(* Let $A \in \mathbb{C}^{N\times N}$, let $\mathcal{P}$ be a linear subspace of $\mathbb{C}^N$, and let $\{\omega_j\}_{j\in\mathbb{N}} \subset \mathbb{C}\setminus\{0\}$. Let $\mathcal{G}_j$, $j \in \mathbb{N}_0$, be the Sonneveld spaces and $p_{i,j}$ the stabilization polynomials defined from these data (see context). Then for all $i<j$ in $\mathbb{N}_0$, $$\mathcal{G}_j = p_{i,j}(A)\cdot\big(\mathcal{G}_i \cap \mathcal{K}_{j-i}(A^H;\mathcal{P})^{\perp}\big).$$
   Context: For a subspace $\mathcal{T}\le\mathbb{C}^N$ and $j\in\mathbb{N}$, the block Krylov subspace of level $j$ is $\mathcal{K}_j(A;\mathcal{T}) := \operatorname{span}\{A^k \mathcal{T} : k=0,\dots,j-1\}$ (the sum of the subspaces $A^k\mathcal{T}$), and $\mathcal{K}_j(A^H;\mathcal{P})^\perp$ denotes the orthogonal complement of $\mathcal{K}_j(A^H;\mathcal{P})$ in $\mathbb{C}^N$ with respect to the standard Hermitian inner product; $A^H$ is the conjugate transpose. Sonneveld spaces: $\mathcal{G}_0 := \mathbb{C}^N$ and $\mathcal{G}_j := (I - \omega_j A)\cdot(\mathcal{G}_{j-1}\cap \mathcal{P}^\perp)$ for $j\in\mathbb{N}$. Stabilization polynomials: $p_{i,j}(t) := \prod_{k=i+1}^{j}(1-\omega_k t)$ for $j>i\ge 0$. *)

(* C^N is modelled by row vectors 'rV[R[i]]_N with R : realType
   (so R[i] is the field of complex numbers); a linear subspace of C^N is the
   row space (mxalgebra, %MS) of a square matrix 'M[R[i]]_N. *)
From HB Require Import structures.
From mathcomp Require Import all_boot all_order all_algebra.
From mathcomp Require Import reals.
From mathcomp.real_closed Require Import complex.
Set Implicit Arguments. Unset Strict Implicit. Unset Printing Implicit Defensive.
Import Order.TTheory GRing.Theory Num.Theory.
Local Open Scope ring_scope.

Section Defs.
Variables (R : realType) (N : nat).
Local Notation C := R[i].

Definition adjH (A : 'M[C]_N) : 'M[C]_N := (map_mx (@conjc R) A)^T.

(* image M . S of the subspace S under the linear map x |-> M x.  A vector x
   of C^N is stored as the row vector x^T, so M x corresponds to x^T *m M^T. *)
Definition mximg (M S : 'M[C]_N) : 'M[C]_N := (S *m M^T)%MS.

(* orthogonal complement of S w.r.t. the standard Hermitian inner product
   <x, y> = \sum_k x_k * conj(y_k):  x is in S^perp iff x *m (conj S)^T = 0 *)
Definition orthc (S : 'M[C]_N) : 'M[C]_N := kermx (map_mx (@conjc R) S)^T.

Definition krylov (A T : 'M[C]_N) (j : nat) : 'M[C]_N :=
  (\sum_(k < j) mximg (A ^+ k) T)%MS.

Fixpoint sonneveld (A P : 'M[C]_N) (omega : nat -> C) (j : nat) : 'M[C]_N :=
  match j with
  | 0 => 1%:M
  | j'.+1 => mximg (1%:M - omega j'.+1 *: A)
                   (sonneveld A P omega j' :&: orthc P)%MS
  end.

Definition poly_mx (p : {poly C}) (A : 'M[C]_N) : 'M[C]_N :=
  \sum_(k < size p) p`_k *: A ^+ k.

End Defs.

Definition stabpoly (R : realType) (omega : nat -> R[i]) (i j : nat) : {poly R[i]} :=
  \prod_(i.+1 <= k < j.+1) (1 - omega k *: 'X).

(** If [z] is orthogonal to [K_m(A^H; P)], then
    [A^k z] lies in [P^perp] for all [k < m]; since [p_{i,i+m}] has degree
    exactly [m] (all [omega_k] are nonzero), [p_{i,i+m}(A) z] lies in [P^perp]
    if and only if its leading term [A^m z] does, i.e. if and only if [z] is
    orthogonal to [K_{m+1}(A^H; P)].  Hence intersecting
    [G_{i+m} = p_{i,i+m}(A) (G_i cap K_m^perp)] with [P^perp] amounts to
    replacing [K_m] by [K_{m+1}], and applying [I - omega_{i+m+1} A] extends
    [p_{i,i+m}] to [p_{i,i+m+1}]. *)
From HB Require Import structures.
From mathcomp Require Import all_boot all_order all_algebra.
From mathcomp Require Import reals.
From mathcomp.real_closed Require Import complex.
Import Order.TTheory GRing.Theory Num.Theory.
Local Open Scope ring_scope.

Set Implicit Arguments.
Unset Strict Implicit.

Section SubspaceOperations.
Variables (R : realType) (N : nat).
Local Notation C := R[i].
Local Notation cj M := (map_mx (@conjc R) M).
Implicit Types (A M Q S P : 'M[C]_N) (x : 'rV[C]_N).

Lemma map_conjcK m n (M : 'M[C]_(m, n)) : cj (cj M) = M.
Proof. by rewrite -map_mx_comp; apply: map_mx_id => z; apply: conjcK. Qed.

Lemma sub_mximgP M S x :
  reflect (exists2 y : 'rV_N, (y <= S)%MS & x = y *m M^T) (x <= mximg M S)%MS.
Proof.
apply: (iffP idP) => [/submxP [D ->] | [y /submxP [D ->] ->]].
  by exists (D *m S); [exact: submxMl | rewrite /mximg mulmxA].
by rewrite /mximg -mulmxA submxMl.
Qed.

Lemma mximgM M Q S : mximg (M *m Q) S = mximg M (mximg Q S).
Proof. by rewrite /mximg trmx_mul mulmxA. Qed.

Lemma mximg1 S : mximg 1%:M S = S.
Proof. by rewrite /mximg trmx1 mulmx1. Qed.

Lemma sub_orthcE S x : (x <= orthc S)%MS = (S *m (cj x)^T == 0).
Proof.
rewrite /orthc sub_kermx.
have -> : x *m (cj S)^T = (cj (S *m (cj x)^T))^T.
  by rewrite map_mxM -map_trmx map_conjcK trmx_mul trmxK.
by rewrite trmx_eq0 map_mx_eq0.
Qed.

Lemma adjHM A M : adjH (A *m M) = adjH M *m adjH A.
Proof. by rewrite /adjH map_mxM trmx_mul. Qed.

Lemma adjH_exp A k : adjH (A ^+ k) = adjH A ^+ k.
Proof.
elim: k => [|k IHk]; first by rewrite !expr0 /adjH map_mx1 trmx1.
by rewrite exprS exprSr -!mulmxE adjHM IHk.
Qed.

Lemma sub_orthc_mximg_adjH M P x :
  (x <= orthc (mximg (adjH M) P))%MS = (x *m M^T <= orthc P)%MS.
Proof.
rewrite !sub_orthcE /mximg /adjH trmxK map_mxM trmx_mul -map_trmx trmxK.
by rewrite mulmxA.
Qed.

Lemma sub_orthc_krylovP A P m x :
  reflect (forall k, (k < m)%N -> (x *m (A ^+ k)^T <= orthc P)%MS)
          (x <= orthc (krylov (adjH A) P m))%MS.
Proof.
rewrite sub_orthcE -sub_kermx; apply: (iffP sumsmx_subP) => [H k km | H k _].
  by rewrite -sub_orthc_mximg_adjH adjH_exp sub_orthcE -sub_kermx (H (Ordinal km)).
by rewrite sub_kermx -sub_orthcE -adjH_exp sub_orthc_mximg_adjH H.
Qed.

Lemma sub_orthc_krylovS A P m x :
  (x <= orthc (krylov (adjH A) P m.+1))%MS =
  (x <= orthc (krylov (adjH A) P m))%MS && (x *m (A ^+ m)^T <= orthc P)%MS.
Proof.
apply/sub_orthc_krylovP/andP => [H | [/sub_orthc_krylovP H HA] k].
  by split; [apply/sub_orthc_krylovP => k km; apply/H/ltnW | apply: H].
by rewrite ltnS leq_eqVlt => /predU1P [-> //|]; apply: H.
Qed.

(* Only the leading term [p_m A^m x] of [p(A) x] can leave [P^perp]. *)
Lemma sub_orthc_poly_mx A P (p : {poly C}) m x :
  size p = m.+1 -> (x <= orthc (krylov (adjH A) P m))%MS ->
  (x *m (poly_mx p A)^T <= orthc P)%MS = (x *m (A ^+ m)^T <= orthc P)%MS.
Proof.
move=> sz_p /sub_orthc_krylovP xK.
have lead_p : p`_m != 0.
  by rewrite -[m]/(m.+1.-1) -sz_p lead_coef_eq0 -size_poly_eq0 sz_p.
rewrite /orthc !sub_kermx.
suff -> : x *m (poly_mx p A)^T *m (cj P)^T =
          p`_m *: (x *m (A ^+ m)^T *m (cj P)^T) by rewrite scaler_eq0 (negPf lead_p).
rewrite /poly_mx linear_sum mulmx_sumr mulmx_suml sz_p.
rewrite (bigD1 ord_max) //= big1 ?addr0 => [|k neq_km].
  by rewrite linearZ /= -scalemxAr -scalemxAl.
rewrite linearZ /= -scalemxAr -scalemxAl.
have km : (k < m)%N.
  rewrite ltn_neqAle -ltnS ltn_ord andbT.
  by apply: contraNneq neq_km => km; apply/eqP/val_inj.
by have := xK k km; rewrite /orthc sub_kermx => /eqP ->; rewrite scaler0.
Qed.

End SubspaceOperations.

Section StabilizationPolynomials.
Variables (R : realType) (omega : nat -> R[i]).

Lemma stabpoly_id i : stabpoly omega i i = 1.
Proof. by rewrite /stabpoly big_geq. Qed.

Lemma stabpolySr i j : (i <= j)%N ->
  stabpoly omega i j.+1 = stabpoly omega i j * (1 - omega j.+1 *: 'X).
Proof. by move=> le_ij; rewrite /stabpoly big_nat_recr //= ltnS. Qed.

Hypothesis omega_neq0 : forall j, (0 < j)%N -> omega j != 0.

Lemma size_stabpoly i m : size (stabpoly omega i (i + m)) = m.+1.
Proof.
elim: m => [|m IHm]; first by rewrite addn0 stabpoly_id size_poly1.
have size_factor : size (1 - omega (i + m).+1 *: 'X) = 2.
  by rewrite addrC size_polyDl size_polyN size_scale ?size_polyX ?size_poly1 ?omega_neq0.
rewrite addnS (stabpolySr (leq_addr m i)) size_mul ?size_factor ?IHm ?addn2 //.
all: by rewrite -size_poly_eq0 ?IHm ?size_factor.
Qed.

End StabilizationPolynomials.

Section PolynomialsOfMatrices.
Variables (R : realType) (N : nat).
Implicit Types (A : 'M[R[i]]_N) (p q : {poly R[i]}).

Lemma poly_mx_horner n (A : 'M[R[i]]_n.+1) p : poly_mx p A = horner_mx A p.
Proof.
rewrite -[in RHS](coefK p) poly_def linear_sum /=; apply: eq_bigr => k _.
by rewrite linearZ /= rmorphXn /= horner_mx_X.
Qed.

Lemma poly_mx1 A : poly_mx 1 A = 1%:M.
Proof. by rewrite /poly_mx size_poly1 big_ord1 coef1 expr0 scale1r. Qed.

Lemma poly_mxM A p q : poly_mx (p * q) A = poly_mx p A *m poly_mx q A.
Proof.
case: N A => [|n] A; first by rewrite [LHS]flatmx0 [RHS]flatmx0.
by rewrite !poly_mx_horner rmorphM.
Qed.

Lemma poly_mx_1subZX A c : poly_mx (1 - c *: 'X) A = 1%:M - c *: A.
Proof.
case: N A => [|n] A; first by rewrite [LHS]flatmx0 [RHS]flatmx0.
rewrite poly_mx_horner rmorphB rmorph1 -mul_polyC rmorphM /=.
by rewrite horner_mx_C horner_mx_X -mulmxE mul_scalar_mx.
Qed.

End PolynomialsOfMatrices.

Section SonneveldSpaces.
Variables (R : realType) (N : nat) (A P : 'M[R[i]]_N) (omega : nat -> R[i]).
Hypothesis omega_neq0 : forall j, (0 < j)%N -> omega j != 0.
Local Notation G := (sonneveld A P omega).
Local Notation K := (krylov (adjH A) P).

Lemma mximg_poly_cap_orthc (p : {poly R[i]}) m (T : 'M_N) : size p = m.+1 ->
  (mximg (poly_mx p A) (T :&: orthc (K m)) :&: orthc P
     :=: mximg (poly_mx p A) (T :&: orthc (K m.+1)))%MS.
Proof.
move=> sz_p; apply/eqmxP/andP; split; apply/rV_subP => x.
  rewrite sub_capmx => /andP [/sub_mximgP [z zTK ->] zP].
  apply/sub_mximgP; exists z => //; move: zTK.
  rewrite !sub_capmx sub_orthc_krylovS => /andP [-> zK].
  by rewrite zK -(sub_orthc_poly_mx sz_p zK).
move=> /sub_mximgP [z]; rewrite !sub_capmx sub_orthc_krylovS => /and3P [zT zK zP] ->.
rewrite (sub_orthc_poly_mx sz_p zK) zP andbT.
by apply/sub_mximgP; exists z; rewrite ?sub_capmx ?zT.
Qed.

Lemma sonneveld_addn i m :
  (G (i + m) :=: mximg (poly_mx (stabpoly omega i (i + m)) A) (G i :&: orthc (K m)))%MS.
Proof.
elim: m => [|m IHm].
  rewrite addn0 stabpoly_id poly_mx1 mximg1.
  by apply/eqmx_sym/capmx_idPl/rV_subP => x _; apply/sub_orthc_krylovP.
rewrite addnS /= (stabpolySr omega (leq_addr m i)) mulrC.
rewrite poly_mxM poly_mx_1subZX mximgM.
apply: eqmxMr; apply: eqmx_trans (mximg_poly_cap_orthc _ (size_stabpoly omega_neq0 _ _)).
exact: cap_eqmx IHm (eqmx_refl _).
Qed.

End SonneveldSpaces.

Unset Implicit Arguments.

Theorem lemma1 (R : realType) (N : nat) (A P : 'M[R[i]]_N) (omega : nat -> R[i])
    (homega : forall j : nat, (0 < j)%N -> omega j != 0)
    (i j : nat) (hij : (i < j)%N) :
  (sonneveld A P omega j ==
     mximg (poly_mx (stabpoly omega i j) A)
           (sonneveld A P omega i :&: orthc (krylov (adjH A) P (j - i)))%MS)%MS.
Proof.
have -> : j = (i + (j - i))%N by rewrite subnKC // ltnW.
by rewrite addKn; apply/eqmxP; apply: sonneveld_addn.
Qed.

## Prompt
The expected answer is an exact copy of the lines above, beginning at the line with "Set Implicit Arguments. Unset" and ending at the line with "<x, y> = \sum_k", with both ends in.

## The completed task
Set Implicit Arguments. Unset Strict Implicit. Unset Printing Implicit Defensive.
Import Order.TTheory GRing.Theory Num.Theory.
Local Open Scope ring_scope.

Section Defs.
Variables (R : realType) (N : nat).
Local Notation C := R[i].

Definition adjH (A : 'M[C]_N) : 'M[C]_N := (map_mx (@conjc R) A)^T.

(* image M . S of the subspace S under the linear map x |-> M x.  A vector x
   of C^N is stored as the row vector x^T, so M x corresponds to x^T *m M^T. *)
Definition mximg (M S : 'M[C]_N) : 'M[C]_N := (S *m M^T)%MS.

(* orthogonal complement of S w.r.t. the standard Hermitian inner product
   <x, y> = \sum_k x_k * conj(y_k):  x is in S^perp iff x *m (conj S)^T = 0 *)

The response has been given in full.